École Gabrielle-Roy is a French first language elementary and high school in Surrey, British Columbia, Canada. It serves the francophone population of the Greater Vancouver Regional District. The school was built at the new location after the previous one burned down due to a fire started by fireworks in the school's library. The school is named in honour of French Canadian author Gabrielle Roy. École Gabrielle-Roy now has the International Baccalaureate Intermediate and Diploma programs for grades 7 to 12.

== Special programs ==

=== IB Programme ===
École Gabrielle-Roy offers an International Baccalaureate Programme in French. The IB classes included français, anglais, histoire, chimie, biologie, mathématiques, musique de groupe, théorie de la connaissance (TDC), mémoire et créativité, action, service (CAS).

=== Études Autochtones ===
Members of the Provincial Native Parents Committee, students and staff members have signed a first "Aboriginal Education Enhancement Agreement" with the Chair of the CSF Board of Governors, the Minister of Education of British Columbia, and representatives of indigenous communities.

Parents of children with an Aboriginal heritage can identify themselves on the CSF school registration forms. By Aboriginal heritage, we mean First Nations, Métis, Inuit, and non-status Aboriginal people. Any child identified as having an Aboriginal heritage is eligible. The Aboriginal ancestor can be a parent, grandparent, great-grandparent, etc. Funding provided by the Department of Education for this program is used to enhance academic, language and cultural programs for identified children. Parents are encouraged to engage in the process of developing a curriculum for their children.

== Diplomas ==

| Diplomas | Description |
|---|---|
| "Dogwood" | Grade 12 Regular Diploma from the BC Ministry of Education.
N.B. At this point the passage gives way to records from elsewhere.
Lemma mod_indep_cons (A : zmodType) (X : A -> Prop) (p : nat) (y : A) (z : seq A) :
  is_subgroup X -> prime p -> X y -> (forall a, a \in z -> X a) -> mod_indep X p z ->
  ~ (exists2 w, w \in residues p z & mulrn_set X p (y - w)) -> mod_indep X p (y :: z).
Proof.
move=> hX pp Xy zX zind nrep c sc.
rewrite big_ord_recl /=.
under eq_bigr => i _ do rewrite /bump leq0n add1n -nth_behead.
set S := \sum_(i < size z) z`_i *~ (behead c)`_i => pXsum.
have pX := mulrn_set_subgroup p hX.
have p_c0 : (p%:Z %| c`_0)%Z.
  apply: NNPP => ndvd; apply: nrep.
  have /coprimezP [[u v] /= uv] : coprimez c`_0 p%:Z.
    have : coprime p `|c`_0|.
      by rewrite prime_coprime // -[X in (X %| _)%N](absz_nat p) -dvdzE; apply/negP.
    by rewrite /coprimez /gcdz coprime_sym absz_nat.
  have [w wres pXw] := residues_cover hX (prime_gt0 pp) zX
    (mkseq (fun i => - u * (behead c)`_i) (size z)).
  exists w => //.
  have Su : \sum_(i < size z) z`_i *~ (mkseq (fun i => - u * (behead c)`_i) (size z))`_i
      = - (S *~ u).
    rewrite /S mulrz_suml -sumrN; apply: eq_bigr => i _.
    by rewrite nth_mkseq // mulNr mulrNz mulrC mulrzA.
  have yuv : y = (y *~ c`_0) *~ u + (y *~ v) *+ p.
    by rewrite -!mulrzA pmulrn -mulrzA -mulrzDr (mulrC c`_0) uv mulr1z.
  have -> : y - w = (y *~ c`_0 + S) *~ u + ((y *~ v) *+ p + (- (S *~ u) - w)).
    by rewrite {1}yuv mulrzDl -!addrA; congr (_ + _); rewrite addrCA addNKr.
  apply: subgroupD => //; first exact: subgroupMz.
  apply: subgroupD => //; last by rewrite -Su.
  by exists (y *~ v) => //; apply: subgroupMz.
have pXS : mulrn_set X p S.
  have -> : S = (y *~ c`_0 + S) - y *~ c`_0 by rewrite addrC addKr.
  apply: (subgroupB pX pXsum); exists (y *~ (c`_0 %/ p%:Z)%Z); first exact: subgroupMz.
  by rewrite pmulrn -mulrzA divzK.
have := zind (behead c); rewrite size_behead sc /= => /(_ erefl pXS) p_behead.
by case=> [|i]; [exact: p_c0 | rewrite -nth_behead].
Qed.

Lemma residues_cover_or_extend (A : zmodType) (X : A -> Prop) (p : nat) (z : seq A) :
  is_subgroup X -> prime p -> (forall a, a \in z -> X a) -> mod_indep X p z ->
  finite_quotient X (mulrn_set X p) \/ exists2 y, X y & mod_indep X p (y :: z).
Proof.
move=> hX pp zX zind.
have [cover|] := classic (forall y, X y ->
  exists2 w, w \in residues p z & mulrn_set X p (y - w)); first by left; exists (residues p z).
move=> /not_all_ex_not [y nrep]; have [Xy nrep'] := imply_to_and _ _ nrep.
by right; exists y => //; apply: mod_indep_cons.
Qed.

Lemma prime_quotient_finite (A : zmodType) (X : A -> Prop) (p : nat) :
  torsion_free A -> finite_rank A -> is_subgroup X -> prime p ->
  finite_quotient X (mulrn_set X p).
Proof.
move=> htf [N rankN] hX pp.
suff grow k z : (N - size z <= k)%N -> (forall a, a \in z -> X a) -> mod_indep X p z ->
    finite_quotient X (mulrn_set X p).
  by apply: (grow N [::]); rewrite ?subn0 // => c /size0nil -> _ i; rewrite nth_nil dvdz0.
elim: k z => [|k IHk] z leNk zX zind;
  have [//|[y Xy yzind]] := residues_cover_or_extend hX pp zX zind.
  move: leNk; rewrite leqn0 subn_eq0 leqNgt => /negP; case.
  exact: rankN (mod_indep_Zindep htf hX pp yzind).
apply: (IHk (y :: z)) yzind; first by rewrite subnS; move: leNk; case: (N - size z)%N.
by move=> a; rewrite inE => /orP [/eqP -> | /zX].
Qed.

Lemma finite_quotient_mulrnM (A : zmodType) (X : A -> Prop) (a b : nat) :
  finite_quotient X (mulrn_set X a) -> finite_quotient X (mulrn_set X b) ->
  finite_quotient X (mulrn_set X (a * b)).
Proof.
move=> [s1 hs1] [s2 hs2]; exists [seq x + y *+ a | x <- s1, y <- s2] => z Xz.
have [x s1x [w Xw ew]] := hs1 z Xz.
have [y s2y [v Xv ev]] := hs2 w Xw.
exists (x + y *+ a); first exact: allpairs_f.
by exists v => //; rewrite mulnC mulrnA -ev mulrnBl -ew opprD addrA.
Qed.

Lemma mulrn_quotient_finite (A : zmodType) (X : A -> Prop) (K : nat) :
  torsion_free A -> is_subgroup X -> (0 < K)%N -> (K != 1%N -> finite_rank A) ->
  finite_quotient X (mulrn_set X K).
Proof.
move=> htf hX; elim/ltn_ind: K => K IHK K0 rankK.
have [->|K1] := eqVneq K 1%N.
  by exists [:: 0] => z Xz; exists 0; rewrite ?mem_head // subr0; exists z; rewrite ?mulr1n.
have pK : prime (pdiv K) by rewrite pdiv_prime // ltn_neqAle eq_sym K1.
rewrite -(divnK (pdiv_dvd K)); apply: finite_quotient_mulrnM.
  apply: IHK => [||_]; last exact: rankK.
    by rewrite ltn_Pdiv ?prime_gt1.
  by rewrite divn_gt0 ?prime_gt0 // dvdn_leq // pdiv_dvd.
exact: prime_quotient_finite htf (rankK K1) hX pK.
Qed.

Lemma finite_choice_seq (T : eqType) (s0 : seq T) (R : T -> T -> Prop) :
  exists s : seq T, forall t, t \in s0 -> (exists y, R t y) -> exists2 y, y \in s & R t y.
Proof.
elim: s0 => [|t s0 [s hs]]; first by exists [::].
have [[y Rty]|nRt] := classic (exists y, R t y); last first.
  by exists s => t' /predU1P [-> Rt|/hs //]; case: nRt.
exists (y :: s) => t' /predU1P [-> _|/hs Rt' /Rt' [y' sy' Rty']].
  by exists y; rewrite ?mem_head.
by exists y'; rewrite // inE sy' orbT.
Qed.

Lemma finite_quotient_of_mulrn (A : zmodType) (Y X : A -> Prop) (K : nat) :
  torsion_free A -> is_subgroup X -> (0 < K)%N -> (forall z, Y z -> X (z *+ K)) ->
  finite_quotient X (mulrn_set X K) -> finite_quotient Y X.
Proof.
move=> htf hX K0 YX [s0 hs0].
have [s hs] := finite_choice_seq s0 (fun t y => Y y /\ mulrn_set X K (y *+ K - t)).
exists s => z Yz; have [t s0t [w Xw ew]] := hs0 _ (YX z Yz).
have [y sy [Yy [w' Xw' ew']]] := hs t s0t (ex_intro _ z (conj Yz (ex_intro2 _ _ w Xw ew))).
exists y => //; suff -> : z - y = w - w' by apply: subgroupB.
have nzK : K%:Z != 0 by rewrite eqz_nat -lt0n.
apply: (tf_mulrz_injl htf nzK); rewrite /= -!pmulrn !mulrnBl -ew -ew'.
by rewrite opprB addrA subrK.
Qed.

Lemma mulrn_absz (A : zmodType) (x : A) (m : int) : x *+ `|m|%N = x *~ (m * sgz m).
Proof. by rewrite pmulrn abszEsg mulrC. Qed.

Lemma mult_by_inertial (A : zmodType) (phi : {additive A -> A}) (m n : int) :
  torsion_free A -> mult_by phi m n -> (`|n| != 1 -> finite_rank A) -> inertial phi.
Proof.
move=> htf [nzn phimn] rankn X hX; have n0 : (0 < `|n|)%N by rewrite absz_gt0.
apply: (finite_quotient_of_mulrn htf hX n0).
  move=> _ [x [x' [Xx Xx' ->]]]; rewrite mulrn_absz mulrzA mulrzDl phimn.
  by apply: subgroupMz => //; apply: subgroupD => //; apply: subgroupMz.
by apply: mulrn_quotient_finite => // n1; apply: rankn; rewrite -abszE eqz_nat.
Qed.

Lemma mult_by_left_inertial (A : zmodType) (phi : {additive A -> A}) (m n : int) :
  torsion_free A -> mult_by phi m n -> m != 0 -> (`|m| != 1 -> finite_rank A) ->
  left_inertial phi.
Proof.
move=> htf [_ phimn] nzm rankm X hX; have m0 : (0 < `|m|)%N by rewrite absz_gt0.
apply: finite_quotientS (mulrn_quotient_finite htf hX m0 _) => [_ [w Xw ->]|m1]; last first.
  by apply: rankm; rewrite -abszE eqz_nat.
rewrite mulrn_absz; split; first exact: subgroupMz.
exists (w *~ (n * sgz m)); rewrite raddfMz [phi w *~ _]mulrzA phimn -mulrzA.
by split => //; apply: subgroupMz.
Qed.

Theorem proposition2p2 (A : zmodType) (phi : {additive A -> A})
  (htf : torsion_free A) :
  (inertial phi <->
     exists m n : int, [/\ mult_by phi m n, coprimez m n &
                           (`|n| != 1 -> finite_rank A)])
  /\
  (left_inertial phi <->
     exists m n : int, [/\ mult_by phi m n, coprimez m n, m != 0 &
                           (`|m| != 1 -> finite_rank A)]).
Proof.
split; split.
- move=> hI; have [m [n [phimn copmn _]]] := exists_mult_by htf (inertial_pointwise_ratio hI).
  by exists m, n; split => //; apply: inertial_finite_rank phimn copmn hI.
- by move=> [m [n [phimn _ rankn]]]; apply: mult_by_inertial htf phimn rankn.
- move=> hL; have [m [n [phimn copmn m0]]] :=
    exists_mult_by htf (left_inertial_pointwise_ratio htf hL).
  exists m, n; split => //; last exact: left_inertial_finite_rank phimn copmn hL.
  by apply/eqP => /m0 [x /negP nzx /(left_inertial_ker0 htf hL)/eqP].
- by move=> [m [n [phimn _ nzm rankm]]]; apply: mult_by_left_inertial htf phimn nzm rankm.
Qed.
(* Let $m,p,n$ be positive integers with $p\mid m$ and $n>1$. If $(T_1,\ldots,T_n)$ is a $\boldsymbol\Theta_n$-contraction, then $(\gamma_1T_1,\ldots,\gamma_{n-1}T_{n-1})$ is a $\Gamma_{n-1}$-contraction, where $\gamma_j=\frac{n-j}{n}$ for $j=1,\ldots,n-1$.
   Context: Put $q=m/p$. $G(m,p,n)$ is the group of $n\times n$ monomial matrices whose nonzero entries are $m$-th roots of unity and whose product of nonzero entries is an $(m/p)$-th root of unity. Let $s_i$ be the $i$-th elementary symmetric polynomial; $\theta_i(z)=s_i(z_1^m,\ldots,z_n^m)$ for $1\le i\le n-1$, $\theta_n(z)=(z_1\cdots z_n)^q$, $\boldsymbol\theta=(\theta_1,\dots,\theta_n)$, $\boldsymbol\Theta_n=\boldsymbol\theta(\mathbb D^n)$, $\overline{\boldsymbol\Theta}_n=\boldsymbol\theta(\overline{\mathbb D}^n)$. A commuting tuple $(T_1,\dots,T_n)$ of bounded operators on a Hilbert space is a $\boldsymbol\Theta_n$-contraction if $\|f(T_1,\dots,T_n)\|\le\sup_{\overline{\boldsymbol\Theta}_n}|f|$ for every polynomial $f\in\mathbb C[z_1,\dots,z_n]$. $\Gamma_k=\boldsymbol s(\overline{\mathbb D}^k)$ is the closed symmetrized polydisc, and a $\Gamma_k$-contraction is a commuting $k$-tuple $S$ with $\|f(S)\|\le\sup_{\Gamma_k}|f|$ for all polynomials $f$ in $k$ variables. *)

From HB Require Import structures.
From mathcomp Require Import all_boot all_order all_algebra.
From mathcomp Require Import all_classical all_reals all_analysis.
From mathcomp Require Import complex.
From mathcomp Require mpoly.
Set Implicit Arguments. Unset Strict Implicit. Unset Printing Implicit Defensive.
Import Order.TTheory GRing.Theory Num.Theory.
Local Open Scope ring_scope.
Local Open Scope classical_set_scope.

Definition hilbert_ip (R : realType) (H : normedModType R[i])
    (ip : H -> H -> R[i]) : Prop :=
  [/\ forall a x y z, ip (a *: x + y) z = a * ip x z + ip y z,
      forall x y, ip y x = (ip x y)^*
    & forall x, ip x x = `|x| ^+ 2].

Definition bounded_op (R : realType) (H : normedModType R[i]) (A : H -> H) : Prop :=
  (forall a x y, A (a *: x + y) = a *: A x + A y) /\
  exists c : R[i], forall x, `|A x| <= c * `|x|.

Definition commuting_tuple (R : realType) (H : normedModType R[i]) (k : nat)
    (T : 'I_k -> H -> H) : Prop :=
  (forall i, bounded_op (T i)) /\ (forall i j x, T i (T j x) = T j (T i x)).

Definition mono_op (R : realType) (H : normedModType R[i]) (k : nat)
    (T : 'I_k -> H -> H) (a : mpoly.multinom k) : H -> H :=
  foldr (fun i g => iter (mpoly.fun_of_multinom a i) (T i) \o g) id (enum 'I_k).

Definition peval (R : realType) (H : normedModType R[i]) (k : nat)
    (f : mpoly.mpoly k R[i]) (T : 'I_k -> H -> H) (x : H) : H :=
  \sum_(a <- mpoly.msupp f) mpoly.mcoeff a f *: mono_op T a x.

Definition cpolydisc (R : realType) (k : nat) : set ('I_k -> R[i]) :=
  [set z | forall i, `|z i| <= 1].

(* K-contraction: ||f(T)|| <= sup_K |f| for every polynomial f, written as
   ||f(T) x|| <= M ||x|| for every upper bound M of |f| on K. *)
Definition K_contraction (R : realType) (H : normedModType R[i]) (k : nat)
    (K : set ('I_k -> R[i])) (T : 'I_k -> H -> H) : Prop :=
  commuting_tuple T /\
  forall (f : mpoly.mpoly k R[i]) (M : R[i]),
    (forall w, K w -> `|mpoly.meval w f| <= M) ->
    forall x, `|peval f T x| <= M * `|x|.

Definition esym (R : realType) (k : nat) (i : nat) (w : 'I_k -> R[i]) : R[i] :=
  \sum_(S : {set 'I_k} | #|S| == i) \prod_(j in S) w j.

Definition symmap (R : realType) (k : nat) (z : 'I_k -> R[i]) : 'I_k -> R[i] :=
  fun j => esym j.+1 z.

Definition Gamma (R : realType) (k : nat) : set ('I_k -> R[i]) :=
  @symmap R k @` @cpolydisc R k.

(* theta = (theta_1,...,theta_n), index j : 'I_n stands for theta_{j+1} *)
Definition theta (R : realType) (m p n : nat) (z : 'I_n -> R[i]) : 'I_n -> R[i] :=
  fun j => if (j.+1 < n)%N then esym j.+1 (fun i => z i ^+ m)
           else (\prod_i z i) ^+ (m %/ p).

Definition Theta_bar (R : realType) (m p n : nat) : set ('I_n -> R[i]) :=
  @theta R m p n @` @cpolydisc R n.

(* gamma_{j+1} = (n - (j+1)) / n *)
Definition gammaj (R : realType) (n : nat) (j : nat) : R[i] :=
  (n - j.+1)%N%:R / n%:R.

(* For z in the closed polydisc put w_i = z_i^m and P = prod_i (X - w_i).
   By Gauss-Lucas the roots u_1, ..., u_{n-1} of P'/n lie in the closed unit
   disc, and comparing coefficients of P'/n = prod_j (X - u_j) gives
   s_j(u) = (n-j)/n s_j(w) = gamma_j theta_j(z).  So z |-> (gamma_j theta_j(z))_j
   maps the polydisc into Gamma_{n-1}.  For a polynomial f in n-1 variables,
   f(gamma_1 T_1, ..., gamma_{n-1} T_{n-1}) = g(T) with g = f o (gamma_j X_j),
   and sup over Theta_n of |g| is at most sup over Gamma_{n-1} of |f|. *)

From Pilot Require Import Defs.
From mathcomp Require Import all_boot all_order all_algebra.
From mathcomp Require Import complex mpoly ring.
From mathcomp Require Import all_classical all_reals all_analysis.
Import Order.TTheory GRing.Theory Num.Theory.
Local Open Scope ring_scope.

Lemma deriv_prod (R : comNzRingType) (I : eqType) (s : seq I) (F : I -> {poly R}) :
  uniq s ->
  (\prod_(i <- s) F i)^`() = \sum_(i <- s) (F i)^`() * \prod_(j <- s | j != i) F j.
Proof.
elim: s => [|a s IH] /=; first by rewrite !big_nil derivC.
move=> /andP [a_notin_s uniq_s]; rewrite !big_cons derivM IH // eqxx /=.
congr (_ + _).
  congr (_ * _); rewrite [LHS]big_seq_cond [RHS]big_seq_cond; apply: eq_bigl => j.
  by case j_in_s: (j \in s) => //=; symmetry; apply: contraNneq a_notin_s => <-.
rewrite mulr_sumr; apply: eq_big_seq => i i_in_s; rewrite big_cons.
have -> : (a != i) by apply: contraNneq a_notin_s => ->.
by rewrite mulrCA.
Qed.

Lemma horner_deriv_prod_XsubC (F : fieldType) (I : finType) (w : I -> F) (u : F) :
  (forall i, u != w i) ->
  (\prod_i ('X - (w i)%:P))^`().[u] = (\prod_i (u - w i)) * \sum_i (u - w i)^-1.
Proof.
move=> u_neq_w; rewrite deriv_prod ?index_enum_uniq // horner_sum mulr_sumr.
apply: eq_bigr => i _; rewrite derivXsubC mul1r horner_prod [in RHS](bigD1 i) //=.
rewrite mulrAC divff ?subr_eq0 // mul1r.
by apply: eq_bigr => j _; rewrite hornerXsubC.
Qed.

Lemma norm_barycenter_le1 (C : numDomainType) (I : finType) (c w : I -> C) (u : C) :
  (forall i, 0 <= c i) -> 0 < \sum_i c i -> (forall i, `|w i| <= 1) ->
  u * \sum_i c i = \sum_i c i * w i -> `|u| <= 1.
Proof.
move=> c_ge0 sum_gt0 w_le1 u_bary.
rewrite -(ler_pM2r sum_gt0) mul1r -[X in _ * X <= _](ger0_norm (ltW sum_gt0)).
rewrite -normrM u_bary.
apply: (le_trans (ler_norm_sum _ _ _)); apply: ler_sum => i _.
by rewrite normrM ger0_norm // ler_piMr.
Qed.
Lemma qform_sub_eq x : qform Q a = qform Q (a - x) <-> dotv (psi x) (psi x) = k%:R.
Proof.
rewrite -{1}[a]subr0 !qform_psi.
have -> : psi 0 = psi0 by rewrite /psi /affmap mul0mx add0r.
by rewrite dotv_psi0; split=> [|->] //; lra.
Qed.

Lemma psi_int x : (psi x \is a mxOver Num.int) = (x \is a mxOver Num.int).
Proof.
apply/idP/idP => xint; last first.
  exact: mxOverD (mxOverM xint (mxOverN (bananaM_int R g))) psi0_int.
have -> : x = (psi0 - psi x) *m bananaP R g.
  by rewrite /psi /affmap opprD addrCA subrr addr0 mulmxN opprK -mulmxA bananaMP mulmx1.
exact: mxOverM (mxOverD psi0_int (mxOverN xint)) (bananaP_int R g).
Qed.

Lemma delaunay_ptsE c :
  delaunay_pts Q a c <-> exists I : {set 'I_(1 + g)}, #|I| = k /\ psi c = charrow R I.
Proof.
split=> [[z [-> /qform_sub_eq psi_sqr]]|[I [cardI psiI]]].
  have /int_dotv_vsum_row01 psi01 : psi (intpt R z) \is a mxOver Num.int.
    by rewrite psi_int; apply/intptP; exists z.
  have {}psi01 := psi01 (etrans psi_sqr (esym (vsum_psi _))).
  exists [set j | psi (intpt R z) 0 j == 1]%SET; split; last exact: row01_charrow.
  by apply/eqP; rewrite -(eqr_nat R) -vsum_charrow -(row01_charrow psi01) vsum_psi.
have /intptP [z cz] : c \is a mxOver Num.int by rewrite -psi_int psiI charrow_int.
by exists z; split=> //; apply/qform_sub_eq; rewrite psiI dotv_charrow cardI.
Qed.

Lemma psi_surj y : vsum y = k%:R -> psi ((psi0 - y) *m bananaP R g) = y.
Proof.
move=> yk; rewrite /psi /affmap mulmxN mul_bananaPM ?opprB ?subrK //.
by rewrite vsumB yk vsum_psi0 subrr.
Qed.

Lemma image_delaunay_pts : psi @` delaunay_pts Q a =
  [set x | exists I : {set 'I_(1 + g)}, #|I| = k /\ x = charrow R I].
Proof.
apply/seteqP; split=> [_ [c /delaunay_ptsE [I [cardI psiI]] <-]|_ [I [cardI ->]]].
  by exists I.
have psiI : psi ((psi0 - charrow R I) *m bananaP R g) = charrow R I.
  by apply: psi_surj; rewrite vsum_charrow cardI.
by exists ((psi0 - charrow R I) *m bananaP R g) => //; apply/delaunay_ptsE; exists I.
Qed.

Lemma image_delaunay : psi @` delaunay Q a = @hypersimplex R k g.+1.
Proof. by rewrite /delaunay conv_affmap_image image_delaunay_pts. Qed.

End DelaunayPolytope.

Theorem corollary3p6 (R : realType) (g k : nat) (a : 'rV[R]_g) :
  (1 <= g)%N -> (1 <= k <= g)%N ->
  @kset R g k a -> is_vertex (voronoi (@bananaQ R g)) a ->
  comb_equiv (delaunay (@bananaQ R g) a) (@hypersimplex R k g.+1).
Proof.
move=> _ /andP[k_gt0 _] a_in_k _.
rewrite -(image_delaunay k_gt0 a_in_k).
have MP : - bananaM R g *m - bananaP R g = 1%:M by rewrite mulmxN mulNmx opprK bananaMP.
exact: comb_equiv_affmap_image MP _.
Qed.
This is also the diploma graduates from English and immersion schools receive in BC. |
| "Cornouiller" | Grade 12 Diploma in French from the BC Ministry of Education. This diploma gives access to French-language post-secondary institutions and is only offered to graduates of CSF schools. |
| "IB Diploma" | International Baccalaureate Diploma. This degree is recognized by the BC Ministry and also in 150 countries around the world. Certificates are also offered for one or more courses. |

==Sports==
In the 2024-25 season, the Senior Boys' Basketball team won their first ever, the Greater Vancouver Independent Schools Athletic Association (GVISAA) Championship.

== Services ==

=== Technology ===
All students at Gabrielle-Roy are given access to a personal laptop computer as an educational tool for the remainder of their time at Gabrielle-Roy. From grade 10 till 12, the students are given the privilege to take their laptop home as a tool to complete their school work. The student laptops are also an essential to take online classes with École Virtuelle. In addition, Gabrielle-Roy issues an e-mail address for all students and staff, has a library with computers for research assignments and communication, and Smart Boards in a number of classrooms.

=== Pre and After School Care ===
Pre-school and after-school child care is also provided by Les Papillons of the Association francophone de Surrey.